Young at Heart Club
Who’d have thought that, when I was asked if I would like to visit a charity event for people ranging in age from 80 to 100, I would end up shooting for baskets in a basketball competition!
Young at Heart certainly sums up the spirit of the club! The people attending deﬁnitely have a youthful outlook and don’t let their age hold them back.
From the moment I walked into the venue I was wowed by how welcoming it looked. Not at all like a village hall, more like a hotel. The tables were laid for lunch with place mats, cutlery, ﬂowers, napkins arranged in glass with a twirl, and all in a smart matching dark blue.
What also struck me was the level of chatter as groups of people huddled around tables completing jigsaws and playing various card and board games. It inspired me to look in our games box when I arrived home. That evening my partner and I played Othello instead of watching telly – it was stimulating and, I have to say, competitive! For the sake of domestic bliss we agreed to stop when the games were drawn.
The organisers of the Young at Heart Club, Lloyd and Diana, made sure that the session ran like clockwork. Once people had come to a natural conclusion with their activities the more physical group activities began. There were seated relay races with various objects being passed down lines of two teams, followed by the basketball. Points were meticulously recorded for a prize giving, which will take place at the Christmas party.
Young at Heart runs three sessions a week at two locations in rural Devon and offers a lifeline to the elderly and isolated people in those areas.
This level of organisation is becoming exhausting for Lloyd and Diana, who are calling for new volunteers to help. Perhaps some young people to bridge the inter-generation gap. There are many examples of inter-generational projects. You only have to take a look at the high proﬁle Channel 4’s ‘Old People’s Home for 4 Year Olds’ to see the beneﬁts.
I have personal experience of how well mixing children with older people works in my own community, where we run a Memory Cafe. During the school holidays volunteers bring their children and grandchildren to the cafe. The children lift the atmosphere to a new level of joy, which is palpable. They read stories, play games and just chat to our members, without any prejudice or, to be honest, any sort of preconceived ideas at all.

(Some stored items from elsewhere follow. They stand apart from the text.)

Lemma threshold_gap r m s D : 0 < r -> 16 * r <= m -> s <= 'C(m, r) ->
  12 * r * 'C(m.-2, r.-1) <= D -> 4 * r ^ 2 * s <= (m - r) * D.
Proof.
move=> r_gt0 le_m le_s key; set Q := 'C(m.-1, r.-1); set R := 'C(m.-2, r.-1).
have diag : r * 'C(m, r) = m * Q by rewrite mul_bin_diag prednK.
have down : (m - r) * Q = m.-1 * R.
  by rewrite mul_bin_down; congr (_ * _); lia.
have mr_gt0 : 0 < 3 * (m - r) by lia.
rewrite -(leq_pmul2l mr_gt0).
have -> : 3 * (m - r) * (4 * r ^ 2 * s) = 12 * r * (m - r) * (r * s) by ring.
apply: leq_trans (_ : 12 * r * (m - r) * (r * 'C(m, r)) <= _).
  by rewrite leq_mul2l leq_mul2l le_s !orbT.
have -> : 12 * r * (m - r) * (r * 'C(m, r)) = m * m.-1 * (12 * r * R).
  by rewrite diag mulnCA -mulnA down; ring.
apply: leq_trans (leq_mul (leqnn _) key) _.
have : m * m.-1 <= 3 * (m - r) * (m - r) by nia.
by move=> /leq_mul /(_ (leqnn D)); rewrite -!mulnA.
Qed.

Lemma ltn_bin_add n k : 0 < k -> n < 'C(n + k, k).
Proof.
case: k => // k _; elim: k => [|k IH]; first by rewrite addn1 bin1.
by rewrite addnS binS; apply: leq_trans IH (leq_addl _ _).
Qed.

Lemma ltn_bin2l n1 n2 r : 0 < r -> r <= n2 -> n1 < n2 -> 'C(n1, r) < 'C(n2, r).
Proof.
case: r => // k _; case: n2 => // n2 le_kn; rewrite ltnS => le_n12.
rewrite binS; apply: leq_ltn_trans (leq_bin2l _ le_n12) _.
by rewrite -[X in X < _]addn0 ltn_add2l bin_gt0.
Qed.

Lemma bin_leq_inv n1 n2 r : 0 < r -> r <= n1 -> 'C(n1, r) <= 'C(n2, r) -> n1 <= n2.
Proof.
move=> r_gt0 le_rn le_C; rewrite leqNgt; apply: contraTN le_C => lt_n21.
by rewrite -ltnNge ltn_bin2l.
Qed.

Lemma bin_ltn_inv n1 n2 r : 'C(n1, r) < 'C(n2, r) -> n1 < n2.
Proof.
move=> lt_C; rewrite ltnNge; apply: contraTN lt_C => le_n21.
by rewrite -leqNgt leq_bin2l.
Qed.

Lemma bin_threshold r s : 0 < r -> 0 < s -> exists m, 'C(m.-1, r) < s <= 'C(m, r).
Proof.
move=> r_gt0 s_gt0.
have ex_m : exists m, s <= 'C(m, r) by exists (s + r); exact/ltnW/ltn_bin_add.
have [m le_s min_m] := ex_minnP ex_m.
exists m; rewrite le_s andbT ltnNge; apply/negP => /min_m.
case: m le_s {min_m} => [|m] /=; last by rewrite ltnn.
by rewrite bin0n (gtn_eqF r_gt0) /= leqn0 (gtn_eqF s_gt0).
Qed.

Lemma ltn_of_scaled_pow c e x y : 1 < c -> 0 < e -> 0 < x ->
  c * x ^ e <= y ^ e -> x < y.
Proof.
move=> lt1c e_gt0 x_gt0 le_pow; rewrite -(ltn_exp2r _ _ e_gt0).
by apply: leq_trans le_pow; apply: ltn_Pmull; rewrite ?expn_gt0 ?x_gt0.
Qed.

Lemma leq_double_of_bounds r s d u c l : 0 < u -> 4 * r ^ 2 <= u ->
  4 * r ^ 2 * s <= u * d -> u * c <= (r * s) ^ 2 -> s * minn s d <= 2 * l -> 2 * c <= l.
Proof.
move=> u_gt0 le_u le_ud le_uc le_l.
have le_min : 4 * r ^ 2 * s <= u * minn s d.
  by case: (leqP s d) => _ //; rewrite leq_mul2r le_u orbT.
have le_mul_s := leq_mul le_min (leqnn s); have le_mul_u := leq_mul (leqnn u) le_l.
have : u * (4 * c) <= u * (2 * l) by nia.
by rewrite leq_pmul2l //; lia.
Qed.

If Young at Heart were able to tap into this valuable resource this would help to ensure the sustainability their project both in the short and long-term.
We left before lunch, energised and secure in the knowledge that the morning’s activities satisﬁed the minds, bodies and souls of the participants.
It was a real ‘slam-dunk’ of a day!
Nicola Hobson, Devon Community Foundation ambassador
To find out more about the Young at Heart Club visit their website here.
Devon Community Foundation have been able to support the Young at Heart Club with three grants over the last four years. The last one, in April this year was made to support transport costs for members to attend the club, and was issued thanks to the Hazel and Gerald Frankpitt Fund.